DOTAMeanAP¶

class mmeval.metrics.DOTAMeanAP(iou_thrs: Union[float, List[float]] = 0.5, scale_ranges: Optional[List[Tuple]] = None, num_classes: Optional[int] = None, eval_mode: str = '11points', nproc: int = 4, drop_class_ap: bool = True, classwise: bool = False, **kwargs)[source]¶

DOTA evaluation metric.

DOTA is a large-scale dataset for object detection in aerial images which is introduced in https://arxiv.org/abs/1711.10398. This metric computes the DOTA mAP (mean Average Precision) with the given IoU thresholds and scale ranges.

Parameters

iou_thrs (float | List[float]) – IoU thresholds. Defaults to 0.5.
scale_ranges (List[tuple], optional) – Scale ranges for evaluating mAP. If not specified, all bounding boxes would be included in evaluation. Defaults to None.
num_classes (int, optional) – The number of classes. If None, it will be obtained from the ‘CLASSES’ field in self.dataset_meta. Defaults to None.
eval_mode (str) – ‘area’ or ‘11points’, ‘area’ means calculating the area under precision-recall curve, ‘11points’ means calculating the average precision of recalls at [0, 0.1, …, 1]. The PASCAL VOC2007 defaults to use ‘11points’, while PASCAL VOC2012 defaults to use ‘area’. Defaults to ‘11points’.
nproc (int) – Processes used for computing TP and FP. If nproc is less than or equal to 1, multiprocessing will not be used. Defaults to 4.
drop_class_ap (bool) – Whether to drop the class without ground truth when calculating the average precision for each class.
classwise (bool) – Whether to return the computed results of each class. Defaults to False.
**kwargs – Keyword parameters passed to BaseMetric.

Examples

>>> import numpy as np
>>> from mmeval import DOTAMetric
>>> num_classes = 15
>>> dota_metric = DOTAMetric(num_classes=15)
>>>
>>> def _gen_bboxes(num_bboxes, img_w=256, img_h=256):
...     # random generate bounding boxes in 'xywha' formart.
...     x = np.random.rand(num_bboxes, ) * img_w
...     y = np.random.rand(num_bboxes, ) * img_h
...     w = np.random.rand(num_bboxes, ) * (img_w - x)
...     h = np.random.rand(num_bboxes, ) * (img_h - y)
...     a = np.random.rand(num_bboxes, ) * np.pi / 2
...     return np.stack([x, y, w, h, a], axis=1)
>>> prediction = {
...     'bboxes': _gen_bboxes(10),
...     'scores': np.random.rand(10, ),
...     'labels': np.random.randint(0, num_classes, size=(10, ))
... }
>>> groundtruth = {
...     'bboxes': _gen_bboxes(10),
...     'labels': np.random.randint(0, num_classes, size=(10, )),
...     'bboxes_ignore': _gen_bboxes(5),
...     'labels_ignore': np.random.randint(0, num_classes, size=(5, ))
... }
>>> dota_metric(predictions=[prediction, ], groundtruths=[groundtruth, ])  
{'mAP@0.5': ..., 'mAP': ...}

add(predictions: Sequence[Dict], groundtruths: Sequence[Dict]) → None[source]¶

Add the intermediate results to self._results.

Parameters

predictions (Sequence[Dict]) –
A sequence of dict. Each dict representing a detection result for an image, with the following keys: - bboxes (numpy.ndarray): Shape (N, 5) or shape (N, 8).

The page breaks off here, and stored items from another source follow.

(* Write z = x + iy.  On X^(c) one has x.y = 0 and x^2 = y^2 - 1, so when y is spacelike the
   plane of x and y is spacelike, its Minkowski normal N = x × y is timelike, and
   det(e, x, y) = e.N tells whether N is future or past directed.  Hence for z in T_<- and z'
   in T_-> the normals satisfy N.N' < 0; expanding x' and y' in the orthogonal frame (x, y, N),
   this inequality and z'^2 = -1 force [z.z']^2 > 1 as soon as [z.z'] is real.
   Conversely, w off [-1, 1] is the coordinate z_2 of z = (0, ±sqrt(1 - w^2), w), the sign of
   the root selecting the tuboid.  For the products, take z_0 in T_<- with [z_0.b] = w: a small
   imaginary rotation of the (z_1, z_2)-plane preserves [.], keeps z_0 in T_<- and moves b
   into T_->. *)

From Stdlib Require Import Reals Psatz.
From Coquelicot Require Import Coquelicot.
Open Scope R_scope.

Lemma C_eq_Re_Im (u v : C) : Re u = Re v -> Im u = Im v -> u = v.
Proof. destruct u, v; unfold Re, Im; simpl; intros -> ->; reflexivity. Qed.

Lemma rdot_sym x y : rdot x y = rdot y x.
Proof. unfold rdot; ring. Qed.

Lemma Re_cdot z w : Re (cdot z w) = rdot (cre z) (cre w) - rdot (cim z) (cim w).
Proof.
destruct z as [[? ?] [? ?] [? ?]], w as [[? ?] [? ?] [? ?]].
unfold cdot, rdot, cre, cim, Re, Im; simpl; ring.
Qed.

Lemma Im_cdot z w : Im (cdot z w) = rdot (cre z) (cim w) + rdot (cim z) (cre w).
Proof.
destruct z as [[? ?] [? ?] [? ?]], w as [[? ?] [? ?] [? ?]].
unfold cdot, rdot, cre, cim, Re, Im; simpl; ring.
Qed.

Lemma cdot_sym z w : cdot z w = cdot w z.
Proof.
apply C_eq_Re_Im; rewrite ?Re_cdot, ?Im_cdot, !(rdot_sym (cre z)), !(rdot_sym (cim z)); ring.
Qed.
Lemma edge_join_cubic (H G : sgraph) : edge_join H G -> cubic H ->
  cubic G /\ gn G = gn H + 2.
Proof.
case=> s [t [v [w [[st vw nse card_G] [f [x [y [[f_inj xy f_xy adj_f] adj_new]]]]]]]].
case: adj_new => adj_x adj_y adj_xy cubic_H; split=> //.
have ext : extension f [set x; y].
  split=> // [a | ]; last by rewrite cards2 xy card_G.
  by rewrite !inE negb_or; case: (f_xy a) => -> ->.
have sum_xy (F : vert G -> nat) : \sum_(u in [set x; y]) F u = F x + F y.
  by rewrite big_setU1 ?inE // big_set1.
have vw_st : @gadj (remove_edge s t) v w.
  by rewrite /= /remove_edge_adj vw same_edgeC nse.
move=> u; case: (extension_cases ext u) => [[a ->] | ].
  rewrite (deg_extension ext) sum_xy !(@gsym G (f a)) adj_x adj_y -(cubic_H a).
  rewrite -(deg_remove_edge _ st) -(deg_remove_edge _ vw_st) [RHS]addnAC addnA.
  congr (_ + _ + _); rewrite degE; apply: eq_bigr => b _.
  by rewrite adj_f /= /remove_edge_adj andbA.
have sum_pair (a b : vert H) : a != b -> \sum_(c : vert H) ((c == a) || (c == b) : nat) = 2.
  by move=> ab; under eq_bigr do rewrite -mem_seq2; rewrite sum_in_uniq //= inE ab.
rewrite !inE => /orP [] /eqP ->; rewrite degE (extension_sum ext) sum_xy girr.
  by under eq_bigr do rewrite adj_x; rewrite sum_pair ?adj_xy ?adj_neq.
by under eq_bigr do rewrite adj_y; rewrite sum_pair ?(gsym y) ?adj_xy ?adj_neq.
Qed.

Lemma sum_matching3 (T1 T2 : finType) (x1 y1 z1 : T1) (x2 y2 z2 : T2) (a : T1) :
  uniq [:: x1; y1; z1] ->
  \sum_(b : T2) ([|| (a == x1) && (b == x2), (a == y1) && (b == y2) | (a == z1) && (b == z2)] : nat)
    = (a \in [:: x1; y1; z1]).
Proof.
rewrite /= !inE !negb_or andbT => /andP [/andP [xy xz] yz].
have [-> | ax] := eqVneq a x1.
  rewrite /= -(sum_eq_indicator x2); apply: eq_bigr => b _.
  by rewrite (negbTE xy) (negbTE xz) !orbF.
have [-> | ay] := eqVneq a y1.
  by rewrite /= -(sum_eq_indicator y2); apply: eq_bigr => b _; rewrite (negbTE yz) !orbF.
have [_ | az] := eqVneq a z1; first by rewrite /= -(sum_eq_indicator z2).
by rewrite big1.
Qed.

Section BridgeSide.

Variables (G1 G2 G : sgraph) (v1 x1 y1 z1 : vert G1) (v2 x2 y2 z2 : vert G2).
Variables (f1 : vert G1 -> vert G) (f2 : vert G2 -> vert G).
Hypothesis uniq1 : uniq [:: x1; y1; z1].
Hypothesis adj_v1 : forall a, gadj G1 v1 a = (a \in [:: x1; y1; z1]).
Hypothesis adj_v2 : forall b, gadj G2 v2 b = (b \in [:: x2; y2; z2]).
Hypothesis f12 : partition_by [set~ v1] [set~ v2] f1 f2.
Hypothesis adj_f1 : forall a a', a != v1 -> a' != v1 -> gadj G (f1 a) (f1 a') = gadj G1 a a'.
Hypothesis adj_f12 : forall a b, a != v1 -> b != v2 ->
  gadj G (f1 a) (f2 b) =
    [|| (a == x1) && (b == x2), (a == y1) && (b == y2) | (a == z1) && (b == z2)].

Lemma deg_bridge_vertex : deg v1 = 3.
Proof. by rewrite degE; under eq_bigr do rewrite adj_v1; exact: sum_in_uniq. Qed.

Lemma deg_bridge (a : vert G1) : a != v1 -> deg (f1 a) = deg a.
Proof.
move=> av1; rewrite degE (partition_by_sum f12) [RHS]degE (sum_setC1 v1) [RHS]addnC gsym adj_v1.
congr (_ + _); first by apply: eq_bigr => a'; rewrite in_setC1 => a'v1; rewrite adj_f1.
have : v2 \notin [:: x2; y2; z2] by rewrite -adj_v2 girr.
rewrite -(sum_matching3 x2 y2 z2 a uniq1) (sum_setC1 v2) !inE !negb_or => /and3P [v2x2 v2y2 v2z2].
rewrite (negbTE v2x2) (negbTE v2y2) (negbTE v2z2) !andbF /=.
by apply: eq_bigr => b; rewrite in_setC1 => bv2; rewrite adj_f12.
Qed.
Lemma sin_angle_reflect k m : (k <= n)%N ->
  sin (angle ((n - k) * m)) = - sin (angle (k * m)).
Proof. by move=> k_le_n; rewrite angle_reflect // addrC (periodicn (@sinD2pi R)) sinN. Qed.

Definition chi (k : nat) (w : 'rV[R]_n) : R[i] :=
  \sum_(p < n) (w 0 p)%:C * zeta ^+ (k * p).

Lemma chiE k w : chi k w = v_k k w +i* vt_k k w.
Proof.
apply/eqP; rewrite eq_complex complex_Re_sum complex_Im_sum; apply/andP; split; apply/eqP.
  by apply: eq_bigr => p _; rewrite complex_Re_realM zetaX angleE.
by apply: eq_bigr => p _; rewrite complex_Im_realM zetaX angleE.
Qed.

Lemma chiD k x y : chi k (x + y) = chi k x + chi k y.
Proof. by rewrite /chi -big_split; apply: eq_bigr => p _; rewrite mxE rmorphD mulrDl. Qed.

Lemma chi0 k : chi k 0 = 0.
Proof. by rewrite /chi big1 // => p _; rewrite mxE rmorph0 mul0r. Qed.

Lemma chiZ k c w : chi k (c *: w) = c%:C * chi k w.
Proof. by rewrite /chi mulr_sumr; apply: eq_bigr => p _; rewrite mxE rmorphM mulrA. Qed.

Lemma chi_sum k I (r : seq I) (F : I -> 'rV[R]_n) :
  chi k (\sum_(i <- r) F i) = \sum_(i <- r) chi k (F i).
Proof. exact: (big_morph _ (chiD k) (chi0 k)). Qed.

Lemma chi_pcone k : chi k (pcone R n) = 1.
Proof.
rewrite /chi (bigD1 (Ordinal n_gt0)) //= big1 => [|p p_neq0].
  by rewrite mxE mod0n eqxx muln0 expr0 mulr1 addr0.
by move: p_neq0; rewrite -val_eqE mxE mod0n /= => /negbTE ->; rewrite mul0r.
Qed.

Lemma zetaX_modn k m : zeta ^+ (k * (m %% n)) = zeta ^+ (k * m).
Proof. by rewrite -[RHS](prim_expr_mod zeta_prim) -modnMmr (prim_expr_mod zeta_prim). Qed.

Lemma chi_pcmul k x y : chi k (pcmul x y) = chi k x * chi k y.
Proof.
rewrite /chi big_distrlr /=.
under eq_bigr => m _ do rewrite mxE rmorph_sum mulr_suml.
rewrite exchange_big; apply: eq_bigr => j _.
under eq_bigr => m _ do rewrite rmorph_sum mulr_suml.
rewrite (exchange_big_dep xpredT) //=; apply: eq_bigr => l _.
rewrite (big_pred1 (Ordinal (ltn_pmod (j + l) n_gt0))) //= zetaX_modn.
by rewrite mulnDr exprD rmorphM mulrACA.
Qed.

Lemma chi_pcpow k u j : chi k (pcpow u j) = chi k u ^+ j.
Proof.
elim: j => [|j IH]; first by rewrite expr0 chi_pcone.
by rewrite /pcpow iterS -/(pcpow u j) chi_pcmul IH exprS.
Qed.

Lemma chi_pcexp_partial k u N : chi k (pcexp_partial u N) = exp_partial N (chi k u).
Proof.
rewrite chi_sum; apply: eq_bigr => j _.
by rewrite chiZ chi_pcpow fmorphV rmorph_nat.
Qed.

(* zeta ^+ (k * (n - p)) is the conjugate of zeta ^+ (k * p). *)
Lemma chi_inversion w (p : 'I_n) :
  \sum_(k < n) chi k w * zeta ^+ (k * (n - p)) = n%:R * (w 0 p)%:C.
Proof.
have -> : \sum_(k < n) chi k w * zeta ^+ (k * (n - p)) =
          \sum_(q < n) (w 0 q)%:C * \sum_(k < n) zeta ^+ (k * (q + (n - p))).
  under eq_bigr do rewrite mulr_suml; rewrite exchange_big; apply: eq_bigr => q _.
  by rewrite mulr_sumr; apply: eq_bigr => k _; rewrite mulnDr exprD mulrA.
under eq_bigr do rewrite sum_zetaX.
rewrite (bigD1 p) //= big1 => [|q q_neq_p].
  by rewrite subnKC ?dvdnn 1?ltnW // mul1r addr0 mulrC.
have q_ne_p : (q : nat) != p := q_neq_p.
have q_lt_n := ltn_ord q; have p_lt_n := ltn_ord p.
have -> : (n %| q + (n - p))%N = false.
  apply/negbTE; rewrite /dvdn; case: (ltngtP q p) => [q_lt_p|p_lt_q|q_eq_p].
  - by rewrite modn_small; lia.
  - by rewrite (_ : q + (n - p) = q - p + n)%N ?modnDr ?modn_small; lia.
  - by rewrite q_eq_p eqxx in q_ne_p.
by rewrite mul0r mulr0.
Qed.
Lemma wsum_vol_dyadic_cells (k m : nat) :
  forall h, 0 <= h -> wsum_vol (S m) (dyadic_cells k m h) = h * (INR k / 2) ^ m.
Proof.
  induction m as [|m IH]; intros h Hh.
  - unfold wsum_vol, box_vol. simpl. rewrite Rmax_right; lra.
  - cbn [dyadic_cells]. rewrite wsum_vol_flat_map_seq.
    rewrite (sumR_ext k _ (fun _ => h / 2 * (INR k / 2) ^ m)), sumR_const; [simpl; field|].
    intros j _.
    assert (H2j : 0 < 2 ^ j) by (apply pow_lt; lra).
    rewrite wsum_vol_cons, IH by (apply Rmult_le_pos; lra).
    replace (/ 2 ^ j - / 2 ^ S j) with (/ 2 ^ S j) by (simpl; field; lra).
    rewrite Rmax_right by (apply Rlt_le, Rinv_0_lt_compat, pow_lt; lra).
    simpl. field. lra.
Qed.

Lemma wsum_chi_dyadic_cells_le (k m : nat) :
  forall h x, wsum_chi (S m) (dyadic_cells k m h) x <= chi (staircase k m h x).
Proof.
  induction m as [|m IH]; intros h x.
  - unfold wsum_chi. simpl. rewrite Rmult_1_l, Rplus_0_r. apply chi_le.
    intro Hx. exists (fun _ => 1). split; [intros; lia|]. split; [intros; lia|].
    specialize (Hx O ltac:(lia)). simpl. unfold Rdiv. rewrite Rinv_1. lra.
  - cbn [dyadic_cells]. rewrite wsum_chi_flat_map_seq.
    rewrite (sumR_ext k _ (fun j => chi (/ 2 ^ S j < x O <= / 2 ^ j)
        * wsum_chi (S m) (dyadic_cells k m (h * 2 ^ j)) (ptail x)))
      by (intros j _; apply wsum_chi_cons).
    assert (Hcells : forall j, 0 <= wsum_chi (S m) (dyadic_cells k m (h * 2 ^ j)) (ptail x)
                               <= chi (staircase k m (h * 2 ^ j) (ptail x))).
    { intro j. split; [|apply IH]. apply wsum_chi_ge0. intros p Hp.
      rewrite (dyadic_cells_coef _ _ _ _ Hp). lra. }
    apply Rle_trans with (1 := sumR_chi_disjoint_le _ _ _ k Hcells
      (fun i j => dyadic_intervals_disjoint i j (x O))).
    apply chi_le. intros [j [Hj [Hx0 Hstair]]]. exact (staircase_cons k m j h x Hj Hx0 Hstair).
Qed.
Lemma vword_inj : injective vword.
Proof.
case=> [[k t] vt] [[k' t'] vt']; rewrite /vword /vseq /wseq /= => /(inj_map val_inj) Ett'.
have Ekk' : k = k' by apply: val_inj; rewrite /= -(size_tuple t) -(size_tuple t') Ett'.
subst k'; have Ett : t = t' by apply: val_inj.
by subst t'; rewrite (bool_irrelevance vt vt').
Qed.

Lemma vword_is_word v : is_word (vword v).
Proof.
case: v => [[k t] vt]; rewrite /is_word /vword /vseq /wseq /=.
rewrite size_map size_tuple -ltnS ltn_ord -map_take all_map behead_map all_map /=.
by apply/andP; split; [apply/allP => x _ /= | exact: vt].
Qed.

Lemma vword_size v : size (vword v) <= h.
Proof. by case/and3P: (vword_is_word v). Qed.

Lemma is_word_vword s : is_word s -> exists v, vword v = s.
Proof.
move=> word_s; have s_lt_d : all (fun a => a < d) s.
  case: s word_s => [|a s] //= /and3P[_ /andP[-> _]].
  by apply: sub_all => b /leq_trans; apply; exact: leq_pred.
have Et : map val (pmap (insub : nat -> option 'I_d) s) = s.
  by elim: s s_lt_d {word_s} => //= a s IHs /andP[a_lt /IHs]; rewrite insubT /= => ->.
set t := pmap _ s in Et.
have size_t : size t < h.+1 by rewrite -(size_map val) Et ltnS; case/and3P: word_s.
pose w : word d h := existT _ (Ordinal size_t) (Tuple (eqxx (size t))).
have valid_w : valid_word w.
  by case/and3P: word_s => _ _; rewrite -Et behead_map all_map.
by exists (exist _ w valid_w).
Qed.

Definition root_vertex : vertex := exist _ (existT _ ord0 [tuple]) (erefl true).

Definition vertex_of (s : seq nat) : vertex := odflt root_vertex [pick v | vword v == s].

Lemma vertex_ofK s : is_word s -> vword (vertex_of s) = s.
Proof.
move=> /is_word_vword[v Ev]; rewrite /vertex_of; case: pickP => [w /eqP //|/(_ v)].
by rewrite Ev eqxx.
Qed.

bounding bboxes of this image. The box format is depend on predict_box_type. Details in Note.
- scores (numpy.ndarray): Shape (N, ), the predicted scores of bounding boxes.
- labels (numpy.ndarray): Shape (N, ), the predicted labels of bounding boxes.
groundtruths (Sequence[Dict]) –
A sequence of dict. Each dict represents a groundtruths for an image, with the following keys:
- bboxes (numpy.ndarray): Shape (M, 5) or shape (M, 8), the groundtruth bounding bboxes of this image, The box format is depend on predict_box_type. Details in Note.
- labels (numpy.ndarray): Shape (M, ), the ground truth labels of bounding boxes.
- bboxes_ignore (numpy.ndarray): Shape (K, 5) or shape(K, 8), the groundtruth ignored bounding bboxes of this image. The box format is depend on self.predict_box_type.Details in upper note.
- labels_ignore (numpy.ndarray): Shape (K, ), the ground truth ignored labels of bounding boxes.

Note

The box shape of predictions and groundtruths is depends on the predict_box_type. If predict_box_type is ‘rbox’, the box shape should be (N, 5) which represents the (x, y,w, h, angle), otherwise the box shape should be (N, 8) which represents the (x1, y1, x2, y2, x3, y3, x4, y4).